Jon began to eat. If Val was missing, then Carrie was their only domestic, at least until Miranda had her baby. And if Lisa had to send Carrie to some other claver’s home, then Miranda would be their only one, cleaning the house, doing the cooking, looking after Gabe and her own baby.
There’d be no avoiding her then. She’d sleep in the nursery and clean Jon’s room and make his meals and be some bizarre combination of his domestic and his sister.
It was one thing for Mom to tell him to love Miranda. It was another to want her in his home, reminding him, without saying a word, that he had all the advantages she didn’t, her baby didn’t.
And he’d never be able to forget Julie with her killer in his home.
He walked over to Sarah’s house, trying not to think about any of that. But Sarah’s mood didn’t make things better.
“They won’t let us open the clinic,” she said. “No one from Sexton is allowed into White Birch.”
“They’ve let the grubs come here,” Jon said. “Carrie’s here but not Val.”
“Two of our domestics are missing,” Sarah said.

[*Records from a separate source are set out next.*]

Lemma cl_Ile e : Ile e (cl e).
Proof.
elim/(well_founded_ind lt_wf): e => e IHe; rewrite clE.
apply: (ideal_lub (Ile_ideal e) (pt_Ile e) _ (joinP _ _)).
apply: (ideal_bigjoin (Ile_ideal e)) => d /preds_lt de.
by apply: Ile_lte (or_intror de) _; exact: IHe.
Qed.

Lemma pt_le_cl e : le (pt e) (cl e).
Proof. by rewrite clE; exact: proj1 (joinP _ _). Qed.

Lemma cl_le d e : d \in preds e -> le (cl d) (cl e).
Proof.
move=> d_preds; apply/le_subset => n n_cl; rewrite clE f0_join inE; apply/orP; right.
by apply/mem_bigjoin; exists d.
Qed.

Lemma cl_not_Ilt e : ~ Ilt e (cl e).
Proof.
by move/(ideal_le (Ilt_ideal e) (pt_le_cl e)); exact: pt_Ilt.
Qed.

Lemma cl_le_lte d e : le (cl d) (cl e) -> lte d e.
Proof.
move=> de; case: (lteVgt d e) => // ed; case: (@cl_not_Ilt d).
exact: Ile_Ilt ed (ideal_le (Ile_ideal e) de (cl_Ile e)).
Qed.

Definition weight e : nat := code (f0 (cl e)).

Lemma weight_le d e : le (cl d) (cl e) -> weight d <= weight e.
Proof. by move/le_subset/fsubsetP; exact: fsubset_code. Qed.

Lemma weight_inj : injective weight.
Proof.
by move=> d e /code_inj eq_cl; apply: lte_anti; apply: cl_le_lte; apply/le_subset;
  rewrite eq_cl.
Qed.

Section SortedByWeight.
Variable a : nat -> nat.
Hypothesis a_bij : bijective a.
Hypothesis a_mono : {mono weight \o a : j k / j <= k}.
(* A mean on Gam pushes forward to a mean on H. *)
Lemma non_amenable_of_epi : non_amenable H -> non_amenable Gam.
Proof.
  intros hna [mu [mu_ge0 [mu_T [mu_add mu_inv]]]]. apply hna.
  destruct (section_of_surjective spsi) as [lift hlift].
  exists (fun A => mu (fun x => A (psi x))). repeat split.
  - intro A. apply mu_ge0.
  - exact mu_T.
  - intros A B disj. apply mu_add. intro x. apply disj.
  - intros g A. rewrite <- (mu_inv (lift g) (fun x => A (psi x))). f_equal.
    apply functional_extensionality. intro x.
    rewrite hpsi, hom_ginv, hlift by exact hpsi. reflexivity.
Qed.

Lemma free_subgroup_of_epi :
  has_free_nonabelian_subgroup H -> has_free_nonabelian_subgroup Gam.
Proof.
  intros [X [x1 [x2 [b [ne free]]]]].
  destruct (section_of_surjective spsi) as [lift hlift].
  exists X, x1, x2, (fun x => lift (b x)). split; [exact ne|].
  intros w red nonempty e. apply (free w red nonempty).
  rewrite (eval_ext (t' := fun x => psi (lift (b x)))) by (intro x; rewrite hlift; reflexivity).
  rewrite eval_hom, e by exact hpsi. apply hom_gone, hpsi.
Qed.

Lemma large_of_epi : large H -> large Gam.
Proof.
  intros [L [X [x1 [x2 [phi [[L1 [LM LV]] [[reps cover] [ne [red [phiM phi_onto]]]]]]]]]].
  destruct (section_of_surjective spsi) as [lift hlift].
  exists (fun x => L (psi x)), X, x1, x2, (fun x => phi (psi x)).
  repeat split; auto.
  - rewrite hom_gone by exact hpsi. exact L1.
  - intros x y Lx Ly. rewrite hpsi. auto.
  - intros x Lx. rewrite hom_ginv by exact hpsi. auto.
  - exists (map lift reps). intro x. destruct (cover (psi x)) as [g [hg Lg]].
    exists (lift g). split; [apply in_map, hg|].
    rewrite hpsi, hom_ginv, hlift by exact hpsi. exact Lg.
  - intros x y Lx Ly. rewrite hpsi. auto.
  - intros w hw. destruct (phi_onto w hw) as [y [Ly <-]].
    exists (lift y). rewrite hlift. auto.
Qed.

Lemma has_prop_of_epi (p : GProp) : has_prop p H -> has_prop p Gam.
Proof.
  destruct p; simpl.
  - apply non_amenable_of_epi.
  - apply free_subgroup_of_epi.
  - apply large_of_epi.
Qed.

End PullBack.

Theorem mainTheorem6 (p : GProp) (k : nat) (hk : 2 <= k)
    (Gs : nat -> Group) (Ss : forall n, Fin.t k -> Gs n)
    (G : Group) (S : Fin.t k -> G)
    (hSs : forall n, generates (Ss n)) (hS : generates S)
    (hconv : @marked_converges k Gs Ss G S)
    (hP : exists n0, forall n, n0 <= n -> has_prop p (Gs n)) :
  forall (Gam : Group) (f : Gam -> G),
    finitely_presented Gam -> is_hom f -> surjective f -> has_prop p Gam.
Proof.
  intros Gam f fp hf sf.
  destruct hP as [n0 hn0].
  destruct (finitely_presented_maps_onto_approximants hSs hS hconv fp hf sf)
    as [n1 hn1].
  destruct (hn1 (max n0 n1) (Nat.le_max_r n0 n1)) as [psi [hpsi spsi]].
  apply (has_prop_of_epi hpsi spsi), hn0, Nat.le_max_l.
Qed.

“Missing isn’t dead,” Jon said.
“Yes it is,” Sarah said. “Oh, I don’t know. Maybe not. I don’t know anything about them. They’ve been working for us, living with us for months, and I don’t know anything about them.”

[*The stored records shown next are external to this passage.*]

(* (a) Let $n\ge3$ be odd, $a_0,\dots,a_{n-1}\in\mathbb{R}$ with $a_0<0$, $a_k>0$ for $k\ne0$, and $a_0+a_2<0$, and let $\mathcal A(x)=\det(xI-A')$ where $A'$ is the $n\times n$ matrix with $(A')_{j,j+1}=a_{j+1}$, $(A')_{j,j-1}=-a_{j-1}$ (indices mod $n$), other entries zero. Then there exists $x_2^*>\sqrt{-a_1(a_0+a_2)}$ with $\mathcal A(x_2^* )=0$. (b) Let $\alpha\le-1$, $\beta\ge1$ be integers and $a_k\in\mathbb{R}$ for $\alpha\le k\le\max(\beta,2)$ with $a_0<0$, $a_k>0$ for $k\ne0$, and $a_0+a_2<0$; let $\mathcal T_\alpha^\beta(x)=\det(xI-M)$ where $M$ is indexed by $\alpha,\dots,\beta$ with $M_{j,j+1}=a_{j+1}$, $M_{j,j-1}=-a_{j-1}$, other entries zero. Then there exists $x_1^*>\sqrt{-a_1(a_0+a_2)}$ with $\mathcal T_\alpha^\beta(x_1^* )=0$. *)

From HB Require Import structures.
From mathcomp Require Import all_boot all_order all_algebra.
From mathcomp Require Import reals.
Set Implicit Arguments. Unset Strict Implicit. Unset Printing Implicit Defensive.
Import Order.TTheory GRing.Theory Num.Theory.
Local Open Scope ring_scope.

(* Cyclic matrix A' of size n (indices 0..n-1, taken mod n):
   (A')_{j,j+1} = a_{j+1}, (A')_{j,j-1} = - a_{j-1}, other entries 0.
   Equivalently entry (i,j) is a_j if j = i+1 mod n, -a_j if j = i-1 mod n. *)
Definition cycA {R : ringType} (n : nat) (a : nat -> R) : 'M[R]_n :=
  \matrix_(i < n, j < n)
     if (i.+1 %% n == j)%N then a j
     else if (j.+1 %% n == i)%N then - a j else 0.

“They don’t want you to know,” Jon said. “They hate us. We give them just enough food to live, and we make them do whatever we need, and they have no choice but to put up with it. The only thing left to them is a little bit of privacy.”
Sarah stared at him. “You’ve changed,” she said.
“Trust me,” Jon said. “I liked it the way it was. I liked having Val do all the housework and Carrie taking care of Gabe so I didn’t have to. I liked feeling it was okay for me to eat real food and have clean clothes and clean air to breathe. Okay? That’s how it was when I was a kid. Without the grubs, but all the rest of it: food and clothes and air. Then for two years I lived in hell. Everyone did, I know that. But I got offered a way out and I took it, and got food and clothes and clean air. I’m not going to apologize for liking it. You like it. We all like it.”
“Do you think someday everyone will have that?” Sarah asked. “Will there ever be enough for all of us?”
“I don’t know,” Jon replied. “Maybe someday if we figure out how to share. Mom thinks things are going to get worse around here, though.”
“Daddy won’t say it,” Sarah said. “But I can tell that’s what he thinks.”
“They’re afraid for us,” Jon said. “They have been for four years now. They don’t know how not to be afraid.”
“I’m afraid, too, Jon,” Sarah said.
Jon held her tight. “We’ll make it,” he said. “I promise you.”
But when they got to school, Jon began to doubt he could keep that promise, any promise. He’d never seen the school so heavily guarded. And none of the students were laughing, or even talking.
They were told to go directly to the auditorium. Luke saw Jon and Sarah and walked in with them.
The middle school students were there along with the high schoolers, seated in their own section. Jon looked around. Tyler wasn’t there, and neither was Zachary.